Death threats, viral rap videos and a stream of frog-themed insults. That’s the state of my social media profiles after hosting a Twitter Space on May 8 about PEPE, the new token based on the “Pepe” meme.
Poignantly hosted during a monumental PEPE price crash, Cointelegraph set out in the May 8 Twitter Space to understand the token. Why had it surged so quickly? What separates PEPE from the thousands of other memecoins and dozens of other PEPE tokens? And what’s the duration of these token projects?
The backlash was "ribbiting."
"It's all goin' to zero" $PEPE ADVICE SOUND UP pic.twitter.com/K8Uw1KvnSs
Though we endeavored to talk about PEPE’s popularity, I ended up enduring rather grim — if predictable — personal outcomes.
I’ve been memed into myriad amphibian images, someone painted a Microsoft Paint Pepe portrait of me, I feature in a rap song, I’ve received over 100 written insults in my Twitter DMs, and I’ve been photoshopped into weird and wonderful frog poses.
On top of that, one of the speakers on the Twitter Space, Irina Heaver — a lawyer based in Dubai — has received personalized death threats. (She’s OK, by the way.)
So, what on earth is going on?

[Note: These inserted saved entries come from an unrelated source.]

(* For every $n\ge 2$, the operator system $C(S^1)^{(n)}$ of $n\times n$ complex Toeplitz matrices is hyperrigid in $M_n(\mathbb C)$.
   Context: $C(S^1)^{(n)}\subseteq M_n(\mathbb C)$ is the set of Toeplitz matrices $[\tau_{k-\ell}]_{k,\ell=0}^{n-1}$. An operator subsystem $\mathcal R$ of a unital C$^*$-algebra $\mathcal A$ is hyperrigid in $\mathcal A$ if, for every representation $\pi:\mathcal A\to B(\mathcal H_\pi)$, the unital completely positive map $\pi|_{\mathcal R}$ has a unique extension to a completely positive linear map on $\mathcal A$ (namely $\pi$ itself). *)

(* complex numbers are  R[i] = complex R  over an arbitrary
   R : realType (mathcomp-real-closed complex.v), which is a
   numClosedFieldType (conjugation  z^* , order  0 <= z  meaning "z real, >= 0"). *)
From HB Require Import structures.
From mathcomp Require Import all_boot all_order all_algebra.
From mathcomp Require Import reals.
From mathcomp Require Import complex.
Set Implicit Arguments.
Unset Strict Implicit.
Unset Printing Implicit Defensive.
Import Order.TTheory GRing.Theory Num.Theory.
Local Open Scope ring_scope.
Local Open Scope complex_scope.

Section Defs.
Variable R : realType.
Local Notation C := R[i].

Section Hilbert.
Variable H : lmodType C.
Variable ip : H -> H -> C.   (* inner product, linear in the first argument *)

Definition is_hilbert : Prop :=
  [/\ (forall a x y z, ip (a *: x + y) z = a * ip x z + ip y z),
      (forall x y, ip y x = (ip x y)^*),
      (forall x, 0 <= ip x x),
      (forall x, ip x x = 0 -> x = 0) &
      (* completeness w.r.t. the norm ||x|| = sqrt(ip x x) *)
      (forall u : nat -> H,
         (forall eps : C, 0 < eps -> exists N : nat, forall m k : nat,
             (N <= m)%N -> (N <= k)%N -> ip (u m - u k) (u m - u k) < eps) ->
         exists x : H, forall eps : C, 0 < eps -> exists N : nat, forall m : nat,
             (N <= m)%N -> ip (u m - x) (u m - x) < eps)].

Definition bounded_op (T : H -> H) : Prop :=
  (forall a x y, T (a *: x + y) = a *: T x + T y) /\
  exists M : C, forall x, ip (T x) (T x) <= M * ip x x.

Definition mxadj n (a : 'M[C]_n) : 'M[C]_n := \matrix_(i, j) (a j i)^*.

Definition is_rep n (pi : 'M[C]_n -> H -> H) : Prop :=
  [/\ (forall a, bounded_op (pi a)),
      (forall c a b x, pi (c *: a + b) x = c *: pi a x + pi b x),
      (forall x, pi 1%:M x = x),
      (forall a b x, pi (a *m b) x = pi a (pi b x)) &
      (forall a x y, ip (pi a x) y = ip x (pi (mxadj a) y))].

How is a token that’s barely one month old generating such high levels of harassment, toxic behavior and diehard commitment?
The PEPE token hopped over a $1 billion market cap this week. The milestone meant that a meme token that is “completely useless” — according to the PEPE website — now exceeds the gross domestic product of some countries.
Kudos to PEPE. It has shown us that even the most unassuming of memes (with a somewhat checkered past) can transform into billion-dollar success stories. It’s an amphibious achievement that has presumably left the somewhat “traditional”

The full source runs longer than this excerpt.